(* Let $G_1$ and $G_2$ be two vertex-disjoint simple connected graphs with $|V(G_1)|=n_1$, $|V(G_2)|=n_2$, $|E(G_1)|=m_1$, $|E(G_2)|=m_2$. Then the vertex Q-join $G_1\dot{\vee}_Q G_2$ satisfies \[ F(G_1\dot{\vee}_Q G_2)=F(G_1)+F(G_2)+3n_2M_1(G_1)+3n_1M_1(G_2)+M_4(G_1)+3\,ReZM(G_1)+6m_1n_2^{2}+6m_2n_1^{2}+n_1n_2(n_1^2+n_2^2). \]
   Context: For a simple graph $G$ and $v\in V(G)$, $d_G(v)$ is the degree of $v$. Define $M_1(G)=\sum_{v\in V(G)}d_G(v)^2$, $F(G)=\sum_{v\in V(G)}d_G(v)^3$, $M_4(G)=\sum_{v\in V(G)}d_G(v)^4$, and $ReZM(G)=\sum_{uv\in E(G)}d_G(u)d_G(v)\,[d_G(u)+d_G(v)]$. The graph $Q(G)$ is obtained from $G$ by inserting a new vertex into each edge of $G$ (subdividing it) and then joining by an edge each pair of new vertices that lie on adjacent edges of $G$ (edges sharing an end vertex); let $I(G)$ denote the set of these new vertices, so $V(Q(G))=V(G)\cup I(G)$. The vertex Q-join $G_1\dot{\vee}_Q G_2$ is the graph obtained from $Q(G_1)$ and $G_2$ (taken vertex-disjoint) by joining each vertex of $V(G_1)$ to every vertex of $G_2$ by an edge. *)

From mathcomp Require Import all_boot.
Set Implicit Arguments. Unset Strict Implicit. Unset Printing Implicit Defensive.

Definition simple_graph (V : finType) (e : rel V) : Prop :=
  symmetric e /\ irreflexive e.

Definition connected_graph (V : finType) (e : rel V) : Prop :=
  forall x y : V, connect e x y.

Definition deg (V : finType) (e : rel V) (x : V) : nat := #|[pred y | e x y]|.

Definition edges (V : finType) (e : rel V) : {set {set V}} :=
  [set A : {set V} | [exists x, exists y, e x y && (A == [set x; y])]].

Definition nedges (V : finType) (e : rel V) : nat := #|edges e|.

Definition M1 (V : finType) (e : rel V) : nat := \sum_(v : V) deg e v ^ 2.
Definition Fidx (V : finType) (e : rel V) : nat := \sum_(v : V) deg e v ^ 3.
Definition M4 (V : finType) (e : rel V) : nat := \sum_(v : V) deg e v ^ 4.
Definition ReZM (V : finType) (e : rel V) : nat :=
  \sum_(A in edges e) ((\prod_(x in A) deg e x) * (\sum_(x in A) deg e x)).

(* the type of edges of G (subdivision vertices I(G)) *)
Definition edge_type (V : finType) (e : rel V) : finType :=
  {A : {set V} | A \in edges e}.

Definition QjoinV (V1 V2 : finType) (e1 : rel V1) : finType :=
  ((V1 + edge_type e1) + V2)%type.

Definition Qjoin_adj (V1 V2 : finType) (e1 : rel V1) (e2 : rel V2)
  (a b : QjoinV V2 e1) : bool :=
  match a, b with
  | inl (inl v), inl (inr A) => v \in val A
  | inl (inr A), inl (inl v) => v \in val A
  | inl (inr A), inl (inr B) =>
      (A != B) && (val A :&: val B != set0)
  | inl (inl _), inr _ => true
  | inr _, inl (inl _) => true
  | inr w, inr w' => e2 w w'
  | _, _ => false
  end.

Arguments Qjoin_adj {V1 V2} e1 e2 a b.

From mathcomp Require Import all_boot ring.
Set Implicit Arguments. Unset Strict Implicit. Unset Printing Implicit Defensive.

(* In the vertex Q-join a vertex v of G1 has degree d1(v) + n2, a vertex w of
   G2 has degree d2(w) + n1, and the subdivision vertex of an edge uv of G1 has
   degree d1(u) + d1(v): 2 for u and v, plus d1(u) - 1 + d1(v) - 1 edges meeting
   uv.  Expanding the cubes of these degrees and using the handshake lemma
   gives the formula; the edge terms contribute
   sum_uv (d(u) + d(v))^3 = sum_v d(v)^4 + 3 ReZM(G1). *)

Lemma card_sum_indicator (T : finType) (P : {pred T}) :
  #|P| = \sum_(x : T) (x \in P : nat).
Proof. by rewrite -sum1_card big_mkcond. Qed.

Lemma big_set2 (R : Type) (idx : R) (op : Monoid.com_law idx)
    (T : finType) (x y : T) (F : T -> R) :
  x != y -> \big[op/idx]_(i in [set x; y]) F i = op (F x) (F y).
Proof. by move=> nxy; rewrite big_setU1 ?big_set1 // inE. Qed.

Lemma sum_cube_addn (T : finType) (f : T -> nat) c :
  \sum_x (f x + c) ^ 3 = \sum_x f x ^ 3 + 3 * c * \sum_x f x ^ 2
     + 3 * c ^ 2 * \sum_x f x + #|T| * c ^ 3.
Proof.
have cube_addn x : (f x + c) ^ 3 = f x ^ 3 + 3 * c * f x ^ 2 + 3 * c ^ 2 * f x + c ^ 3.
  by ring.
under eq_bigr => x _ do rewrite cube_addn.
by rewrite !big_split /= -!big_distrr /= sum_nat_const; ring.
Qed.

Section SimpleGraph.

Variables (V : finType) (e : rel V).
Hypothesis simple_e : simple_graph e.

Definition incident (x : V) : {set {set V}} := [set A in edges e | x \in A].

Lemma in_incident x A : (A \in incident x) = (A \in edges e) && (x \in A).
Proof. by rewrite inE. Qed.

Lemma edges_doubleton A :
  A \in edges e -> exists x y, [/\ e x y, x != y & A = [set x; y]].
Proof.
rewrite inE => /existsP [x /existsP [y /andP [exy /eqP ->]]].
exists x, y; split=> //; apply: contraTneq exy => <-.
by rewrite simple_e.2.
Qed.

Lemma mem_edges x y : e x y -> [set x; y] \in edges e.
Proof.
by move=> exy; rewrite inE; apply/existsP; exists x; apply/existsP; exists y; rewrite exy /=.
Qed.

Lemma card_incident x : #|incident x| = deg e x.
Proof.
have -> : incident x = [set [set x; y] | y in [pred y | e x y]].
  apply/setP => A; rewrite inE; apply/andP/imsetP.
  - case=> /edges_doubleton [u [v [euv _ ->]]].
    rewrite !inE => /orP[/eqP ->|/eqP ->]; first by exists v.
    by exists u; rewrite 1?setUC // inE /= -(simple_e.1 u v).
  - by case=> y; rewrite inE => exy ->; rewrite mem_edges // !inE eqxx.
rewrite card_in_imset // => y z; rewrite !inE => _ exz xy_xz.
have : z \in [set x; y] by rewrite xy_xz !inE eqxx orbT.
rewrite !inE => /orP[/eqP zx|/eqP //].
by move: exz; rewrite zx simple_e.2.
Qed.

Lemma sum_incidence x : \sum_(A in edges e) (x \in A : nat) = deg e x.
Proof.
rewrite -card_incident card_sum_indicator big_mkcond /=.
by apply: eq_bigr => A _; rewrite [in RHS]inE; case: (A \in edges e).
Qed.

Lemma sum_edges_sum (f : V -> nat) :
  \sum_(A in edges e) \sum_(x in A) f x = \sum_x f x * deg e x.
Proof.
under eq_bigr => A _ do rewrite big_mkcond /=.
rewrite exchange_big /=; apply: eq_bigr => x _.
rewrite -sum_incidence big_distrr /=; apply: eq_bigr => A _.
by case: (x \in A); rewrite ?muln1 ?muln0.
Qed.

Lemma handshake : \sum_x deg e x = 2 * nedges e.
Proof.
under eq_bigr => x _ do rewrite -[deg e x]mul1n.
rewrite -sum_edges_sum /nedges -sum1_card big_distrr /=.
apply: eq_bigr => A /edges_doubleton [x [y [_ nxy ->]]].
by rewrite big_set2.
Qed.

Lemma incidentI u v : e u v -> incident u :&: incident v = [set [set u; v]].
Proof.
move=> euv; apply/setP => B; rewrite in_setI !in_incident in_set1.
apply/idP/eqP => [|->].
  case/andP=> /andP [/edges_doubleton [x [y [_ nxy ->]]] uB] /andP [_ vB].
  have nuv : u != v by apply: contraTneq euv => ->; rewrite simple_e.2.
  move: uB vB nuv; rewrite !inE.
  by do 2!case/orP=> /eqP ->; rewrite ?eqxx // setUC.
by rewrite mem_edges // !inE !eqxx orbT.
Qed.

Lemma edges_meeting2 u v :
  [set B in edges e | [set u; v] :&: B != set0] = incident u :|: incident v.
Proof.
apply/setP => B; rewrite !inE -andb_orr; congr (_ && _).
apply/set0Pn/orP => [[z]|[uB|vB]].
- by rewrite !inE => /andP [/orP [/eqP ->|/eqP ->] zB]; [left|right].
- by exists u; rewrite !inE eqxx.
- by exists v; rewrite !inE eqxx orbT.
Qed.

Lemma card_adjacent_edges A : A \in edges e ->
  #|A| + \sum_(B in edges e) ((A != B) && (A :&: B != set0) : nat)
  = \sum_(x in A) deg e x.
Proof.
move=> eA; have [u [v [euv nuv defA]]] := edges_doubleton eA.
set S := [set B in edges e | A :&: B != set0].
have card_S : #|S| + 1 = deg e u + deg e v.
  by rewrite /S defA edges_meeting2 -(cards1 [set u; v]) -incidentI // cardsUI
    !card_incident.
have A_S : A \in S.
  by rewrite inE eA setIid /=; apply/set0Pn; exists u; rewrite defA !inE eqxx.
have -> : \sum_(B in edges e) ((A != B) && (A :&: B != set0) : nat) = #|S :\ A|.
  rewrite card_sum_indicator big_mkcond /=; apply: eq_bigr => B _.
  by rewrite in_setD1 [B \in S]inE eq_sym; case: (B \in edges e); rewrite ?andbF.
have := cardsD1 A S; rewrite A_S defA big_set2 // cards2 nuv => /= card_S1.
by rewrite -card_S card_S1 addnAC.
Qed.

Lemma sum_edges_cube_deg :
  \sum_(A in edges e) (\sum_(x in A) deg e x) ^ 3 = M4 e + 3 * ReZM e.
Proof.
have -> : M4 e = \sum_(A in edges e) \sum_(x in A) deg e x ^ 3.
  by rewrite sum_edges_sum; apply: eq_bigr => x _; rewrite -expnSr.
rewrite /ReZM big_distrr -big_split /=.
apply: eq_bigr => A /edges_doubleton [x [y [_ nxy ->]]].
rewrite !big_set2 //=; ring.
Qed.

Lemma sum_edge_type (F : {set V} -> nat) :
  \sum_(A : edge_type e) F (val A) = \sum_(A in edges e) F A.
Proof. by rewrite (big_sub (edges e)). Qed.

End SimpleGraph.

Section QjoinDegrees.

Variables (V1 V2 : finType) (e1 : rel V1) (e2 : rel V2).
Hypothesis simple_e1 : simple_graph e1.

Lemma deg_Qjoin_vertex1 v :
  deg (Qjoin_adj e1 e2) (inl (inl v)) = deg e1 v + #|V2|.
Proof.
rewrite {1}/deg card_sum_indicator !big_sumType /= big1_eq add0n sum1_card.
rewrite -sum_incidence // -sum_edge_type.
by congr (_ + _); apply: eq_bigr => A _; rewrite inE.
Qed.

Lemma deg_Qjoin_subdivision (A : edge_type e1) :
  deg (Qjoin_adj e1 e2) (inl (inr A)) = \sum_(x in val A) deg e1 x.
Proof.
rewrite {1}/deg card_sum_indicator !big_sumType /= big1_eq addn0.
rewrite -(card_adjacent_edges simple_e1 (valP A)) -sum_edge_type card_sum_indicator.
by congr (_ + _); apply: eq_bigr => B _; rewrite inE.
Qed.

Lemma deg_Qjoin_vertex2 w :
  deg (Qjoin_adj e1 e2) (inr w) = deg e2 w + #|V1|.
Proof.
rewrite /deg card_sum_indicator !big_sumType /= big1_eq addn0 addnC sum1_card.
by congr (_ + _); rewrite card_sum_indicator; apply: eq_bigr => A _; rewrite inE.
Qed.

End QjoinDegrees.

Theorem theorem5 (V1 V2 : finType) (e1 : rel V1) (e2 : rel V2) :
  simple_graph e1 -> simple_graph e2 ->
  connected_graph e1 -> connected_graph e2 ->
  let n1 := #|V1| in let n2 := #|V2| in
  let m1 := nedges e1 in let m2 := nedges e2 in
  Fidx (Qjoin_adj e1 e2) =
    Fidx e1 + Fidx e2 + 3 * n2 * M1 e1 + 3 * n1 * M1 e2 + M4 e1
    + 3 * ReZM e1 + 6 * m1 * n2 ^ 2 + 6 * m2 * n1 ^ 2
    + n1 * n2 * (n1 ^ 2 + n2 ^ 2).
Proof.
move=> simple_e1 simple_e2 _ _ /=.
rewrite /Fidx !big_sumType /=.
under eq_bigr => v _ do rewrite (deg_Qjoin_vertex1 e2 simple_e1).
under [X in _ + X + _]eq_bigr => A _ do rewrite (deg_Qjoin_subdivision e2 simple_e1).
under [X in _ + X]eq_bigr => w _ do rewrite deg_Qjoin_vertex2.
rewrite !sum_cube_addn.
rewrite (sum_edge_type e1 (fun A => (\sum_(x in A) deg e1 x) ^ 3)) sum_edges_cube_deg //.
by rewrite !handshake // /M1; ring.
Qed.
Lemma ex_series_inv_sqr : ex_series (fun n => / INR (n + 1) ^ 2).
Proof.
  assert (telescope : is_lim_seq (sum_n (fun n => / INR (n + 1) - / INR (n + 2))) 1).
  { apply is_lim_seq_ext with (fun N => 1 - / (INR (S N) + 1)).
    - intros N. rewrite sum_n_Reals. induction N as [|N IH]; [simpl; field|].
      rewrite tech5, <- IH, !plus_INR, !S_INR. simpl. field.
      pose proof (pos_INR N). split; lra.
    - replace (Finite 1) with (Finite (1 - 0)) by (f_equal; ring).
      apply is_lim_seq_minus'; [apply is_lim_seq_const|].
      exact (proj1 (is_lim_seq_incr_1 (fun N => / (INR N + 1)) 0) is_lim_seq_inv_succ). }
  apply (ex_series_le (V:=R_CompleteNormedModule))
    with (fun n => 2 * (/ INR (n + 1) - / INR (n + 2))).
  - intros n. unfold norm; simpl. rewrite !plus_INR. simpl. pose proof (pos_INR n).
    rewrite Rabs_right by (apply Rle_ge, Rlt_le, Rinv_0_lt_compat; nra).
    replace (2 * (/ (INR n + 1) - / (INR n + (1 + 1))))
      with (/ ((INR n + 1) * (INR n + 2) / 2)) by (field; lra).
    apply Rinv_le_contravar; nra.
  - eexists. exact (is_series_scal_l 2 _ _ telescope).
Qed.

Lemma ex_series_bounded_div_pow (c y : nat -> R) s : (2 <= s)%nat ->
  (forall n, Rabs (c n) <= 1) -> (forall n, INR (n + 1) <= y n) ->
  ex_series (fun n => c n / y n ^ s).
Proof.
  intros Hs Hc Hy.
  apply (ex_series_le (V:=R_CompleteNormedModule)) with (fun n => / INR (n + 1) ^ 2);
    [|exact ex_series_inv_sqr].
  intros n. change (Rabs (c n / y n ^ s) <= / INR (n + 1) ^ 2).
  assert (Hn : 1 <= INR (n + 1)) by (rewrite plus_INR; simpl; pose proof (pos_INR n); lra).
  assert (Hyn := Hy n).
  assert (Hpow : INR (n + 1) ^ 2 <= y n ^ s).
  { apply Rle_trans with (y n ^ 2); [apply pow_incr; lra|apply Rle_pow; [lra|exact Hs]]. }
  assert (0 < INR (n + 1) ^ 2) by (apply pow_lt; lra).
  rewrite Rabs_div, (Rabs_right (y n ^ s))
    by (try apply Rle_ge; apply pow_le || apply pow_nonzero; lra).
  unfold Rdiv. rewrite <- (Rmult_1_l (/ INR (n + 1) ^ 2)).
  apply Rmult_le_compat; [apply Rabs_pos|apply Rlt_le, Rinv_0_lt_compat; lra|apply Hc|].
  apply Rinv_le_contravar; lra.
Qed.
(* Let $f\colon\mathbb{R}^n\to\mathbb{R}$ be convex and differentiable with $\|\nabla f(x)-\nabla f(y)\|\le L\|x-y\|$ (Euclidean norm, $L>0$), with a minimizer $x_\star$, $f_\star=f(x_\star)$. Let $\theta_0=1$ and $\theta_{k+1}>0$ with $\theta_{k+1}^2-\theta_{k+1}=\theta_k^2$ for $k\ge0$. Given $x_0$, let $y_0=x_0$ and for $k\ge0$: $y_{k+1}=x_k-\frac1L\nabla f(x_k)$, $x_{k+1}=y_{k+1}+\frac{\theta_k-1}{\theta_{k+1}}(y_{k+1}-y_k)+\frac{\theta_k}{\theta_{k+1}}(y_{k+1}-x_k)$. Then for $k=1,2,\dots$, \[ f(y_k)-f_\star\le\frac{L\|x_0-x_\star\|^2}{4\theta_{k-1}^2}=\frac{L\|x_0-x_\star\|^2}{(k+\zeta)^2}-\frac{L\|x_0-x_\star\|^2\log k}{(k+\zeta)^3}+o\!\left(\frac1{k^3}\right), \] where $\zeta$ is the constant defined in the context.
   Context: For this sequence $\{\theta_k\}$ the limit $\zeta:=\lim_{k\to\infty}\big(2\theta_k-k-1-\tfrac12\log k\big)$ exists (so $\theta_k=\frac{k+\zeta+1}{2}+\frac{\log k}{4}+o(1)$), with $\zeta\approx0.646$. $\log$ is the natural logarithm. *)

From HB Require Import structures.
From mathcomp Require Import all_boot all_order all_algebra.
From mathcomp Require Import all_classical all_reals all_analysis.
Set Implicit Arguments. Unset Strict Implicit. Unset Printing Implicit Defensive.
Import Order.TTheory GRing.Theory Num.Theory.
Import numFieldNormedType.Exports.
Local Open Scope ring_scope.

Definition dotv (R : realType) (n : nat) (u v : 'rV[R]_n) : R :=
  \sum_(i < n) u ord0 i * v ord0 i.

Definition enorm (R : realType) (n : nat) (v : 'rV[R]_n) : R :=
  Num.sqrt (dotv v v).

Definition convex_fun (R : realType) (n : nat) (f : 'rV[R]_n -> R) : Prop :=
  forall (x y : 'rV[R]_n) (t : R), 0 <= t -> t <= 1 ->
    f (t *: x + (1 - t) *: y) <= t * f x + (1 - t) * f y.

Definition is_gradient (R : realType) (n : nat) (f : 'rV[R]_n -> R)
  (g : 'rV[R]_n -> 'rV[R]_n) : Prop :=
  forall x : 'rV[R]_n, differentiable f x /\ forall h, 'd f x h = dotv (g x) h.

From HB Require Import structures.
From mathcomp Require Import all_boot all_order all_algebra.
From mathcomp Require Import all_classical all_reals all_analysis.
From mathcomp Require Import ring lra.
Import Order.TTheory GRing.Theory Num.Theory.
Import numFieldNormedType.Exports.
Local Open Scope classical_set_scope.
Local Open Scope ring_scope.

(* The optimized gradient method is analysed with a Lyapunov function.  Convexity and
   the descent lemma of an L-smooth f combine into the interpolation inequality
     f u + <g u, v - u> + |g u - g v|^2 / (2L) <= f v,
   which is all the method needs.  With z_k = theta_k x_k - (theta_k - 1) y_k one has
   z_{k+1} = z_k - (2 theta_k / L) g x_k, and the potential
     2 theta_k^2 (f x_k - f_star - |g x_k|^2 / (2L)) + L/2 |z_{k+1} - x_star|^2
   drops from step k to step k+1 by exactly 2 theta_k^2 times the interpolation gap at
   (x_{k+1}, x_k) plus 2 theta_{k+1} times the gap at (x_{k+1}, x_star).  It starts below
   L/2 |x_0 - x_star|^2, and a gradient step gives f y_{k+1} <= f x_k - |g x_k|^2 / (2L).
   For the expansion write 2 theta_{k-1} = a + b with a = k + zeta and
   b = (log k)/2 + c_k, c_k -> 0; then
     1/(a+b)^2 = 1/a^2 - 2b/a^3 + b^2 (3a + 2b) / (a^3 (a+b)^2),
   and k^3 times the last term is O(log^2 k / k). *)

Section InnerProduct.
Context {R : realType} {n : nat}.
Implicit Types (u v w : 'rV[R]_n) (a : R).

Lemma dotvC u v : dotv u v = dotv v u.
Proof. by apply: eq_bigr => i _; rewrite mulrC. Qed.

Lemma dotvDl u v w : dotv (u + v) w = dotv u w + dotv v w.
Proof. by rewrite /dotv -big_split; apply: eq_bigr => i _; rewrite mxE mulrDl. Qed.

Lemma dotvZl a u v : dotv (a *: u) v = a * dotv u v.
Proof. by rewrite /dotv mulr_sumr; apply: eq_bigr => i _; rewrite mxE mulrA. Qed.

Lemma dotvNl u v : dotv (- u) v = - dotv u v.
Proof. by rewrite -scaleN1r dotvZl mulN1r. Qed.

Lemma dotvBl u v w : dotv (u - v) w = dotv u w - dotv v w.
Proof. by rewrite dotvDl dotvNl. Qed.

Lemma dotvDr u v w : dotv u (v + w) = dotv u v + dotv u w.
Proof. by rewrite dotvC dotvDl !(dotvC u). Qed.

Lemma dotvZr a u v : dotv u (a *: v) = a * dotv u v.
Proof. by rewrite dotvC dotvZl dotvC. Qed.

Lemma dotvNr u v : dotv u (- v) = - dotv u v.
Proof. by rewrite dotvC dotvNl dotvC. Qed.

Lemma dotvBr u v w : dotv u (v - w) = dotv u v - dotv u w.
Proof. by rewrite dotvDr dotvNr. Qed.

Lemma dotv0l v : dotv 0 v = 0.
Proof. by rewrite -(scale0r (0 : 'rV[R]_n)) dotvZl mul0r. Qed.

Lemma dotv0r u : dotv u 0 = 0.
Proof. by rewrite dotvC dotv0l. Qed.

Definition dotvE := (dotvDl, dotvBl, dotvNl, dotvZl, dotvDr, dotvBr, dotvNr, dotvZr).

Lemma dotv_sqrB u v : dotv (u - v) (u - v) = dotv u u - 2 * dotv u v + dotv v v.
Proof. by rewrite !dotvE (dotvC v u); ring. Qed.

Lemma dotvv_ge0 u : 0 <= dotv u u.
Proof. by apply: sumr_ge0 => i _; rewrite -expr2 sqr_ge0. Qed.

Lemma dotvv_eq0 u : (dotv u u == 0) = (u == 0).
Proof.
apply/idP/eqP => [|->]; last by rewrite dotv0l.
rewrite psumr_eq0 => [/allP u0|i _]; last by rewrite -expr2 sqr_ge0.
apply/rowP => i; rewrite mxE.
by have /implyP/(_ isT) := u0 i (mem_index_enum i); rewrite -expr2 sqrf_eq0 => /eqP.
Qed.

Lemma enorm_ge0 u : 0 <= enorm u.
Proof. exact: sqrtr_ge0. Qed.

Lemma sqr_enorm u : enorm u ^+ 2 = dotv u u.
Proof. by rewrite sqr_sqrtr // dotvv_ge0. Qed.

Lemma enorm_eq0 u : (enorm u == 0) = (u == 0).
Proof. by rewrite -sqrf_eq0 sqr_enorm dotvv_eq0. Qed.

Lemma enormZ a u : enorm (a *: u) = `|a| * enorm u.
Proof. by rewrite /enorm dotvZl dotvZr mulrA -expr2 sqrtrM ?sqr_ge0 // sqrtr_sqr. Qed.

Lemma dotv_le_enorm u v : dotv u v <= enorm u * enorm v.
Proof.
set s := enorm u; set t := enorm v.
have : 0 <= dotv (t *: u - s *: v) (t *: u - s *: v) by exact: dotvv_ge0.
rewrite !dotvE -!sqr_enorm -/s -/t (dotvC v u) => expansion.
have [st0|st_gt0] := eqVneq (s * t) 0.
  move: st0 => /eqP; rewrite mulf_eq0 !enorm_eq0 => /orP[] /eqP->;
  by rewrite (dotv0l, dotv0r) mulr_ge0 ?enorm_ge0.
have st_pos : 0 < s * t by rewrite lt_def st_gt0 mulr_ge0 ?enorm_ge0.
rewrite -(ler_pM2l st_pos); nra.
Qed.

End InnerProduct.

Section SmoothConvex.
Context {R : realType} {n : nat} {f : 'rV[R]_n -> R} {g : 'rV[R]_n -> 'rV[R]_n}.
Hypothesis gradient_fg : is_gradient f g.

• [YOUR INSTRUCTIONS]: Look above for the line with "Lemma deg_Qjoin_vertex1 v" and the line with "apply is_lim_seq_minus'; [apply", and reproduce exactly those two lines plus every line between, nothing more.

• [EXERCISE ANSWER]:
Lemma deg_Qjoin_vertex1 v :
  deg (Qjoin_adj e1 e2) (inl (inl v)) = deg e1 v + #|V2|.
Proof.
rewrite {1}/deg card_sum_indicator !big_sumType /= big1_eq add0n sum1_card.
rewrite -sum_incidence // -sum_edge_type.
by congr (_ + _); apply: eq_bigr => A _; rewrite inE.
Qed.

Lemma deg_Qjoin_subdivision (A : edge_type e1) :
  deg (Qjoin_adj e1 e2) (inl (inr A)) = \sum_(x in val A) deg e1 x.
Proof.
rewrite {1}/deg card_sum_indicator !big_sumType /= big1_eq addn0.
rewrite -(card_adjacent_edges simple_e1 (valP A)) -sum_edge_type card_sum_indicator.
by congr (_ + _); apply: eq_bigr => B _; rewrite inE.
Qed.

Lemma deg_Qjoin_vertex2 w :
  deg (Qjoin_adj e1 e2) (inr w) = deg e2 w + #|V1|.
Proof.
rewrite /deg card_sum_indicator !big_sumType /= big1_eq addn0 addnC sum1_card.
by congr (_ + _); rewrite card_sum_indicator; apply: eq_bigr => A _; rewrite inE.
Qed.

End QjoinDegrees.

Theorem theorem5 (V1 V2 : finType) (e1 : rel V1) (e2 : rel V2) :
  simple_graph e1 -> simple_graph e2 ->
  connected_graph e1 -> connected_graph e2 ->
  let n1 := #|V1| in let n2 := #|V2| in
  let m1 := nedges e1 in let m2 := nedges e2 in
  Fidx (Qjoin_adj e1 e2) =
    Fidx e1 + Fidx e2 + 3 * n2 * M1 e1 + 3 * n1 * M1 e2 + M4 e1
    + 3 * ReZM e1 + 6 * m1 * n2 ^ 2 + 6 * m2 * n1 ^ 2
    + n1 * n2 * (n1 ^ 2 + n2 ^ 2).
Proof.
move=> simple_e1 simple_e2 _ _ /=.
rewrite /Fidx !big_sumType /=.
under eq_bigr => v _ do rewrite (deg_Qjoin_vertex1 e2 simple_e1).
under [X in _ + X + _]eq_bigr => A _ do rewrite (deg_Qjoin_subdivision e2 simple_e1).
under [X in _ + X]eq_bigr => w _ do rewrite deg_Qjoin_vertex2.
rewrite !sum_cube_addn.
rewrite (sum_edge_type e1 (fun A => (\sum_(x in A) deg e1 x) ^ 3)) sum_edges_cube_deg //.
by rewrite !handshake // /M1; ring.
Qed.
Lemma ex_series_inv_sqr : ex_series (fun n => / INR (n + 1) ^ 2).
Proof.
  assert (telescope : is_lim_seq (sum_n (fun n => / INR (n + 1) - / INR (n + 2))) 1).
  { apply is_lim_seq_ext with (fun N => 1 - / (INR (S N) + 1)).
    - intros N. rewrite sum_n_Reals. induction N as [|N IH]; [simpl; field|].
      rewrite tech5, <- IH, !plus_INR, !S_INR. simpl. field.
      pose proof (pos_INR N). split; lra.
    - replace (Finite 1) with (Finite (1 - 0)) by (f_equal; ring).
      apply is_lim_seq_minus'; [apply is_lim_seq_const|].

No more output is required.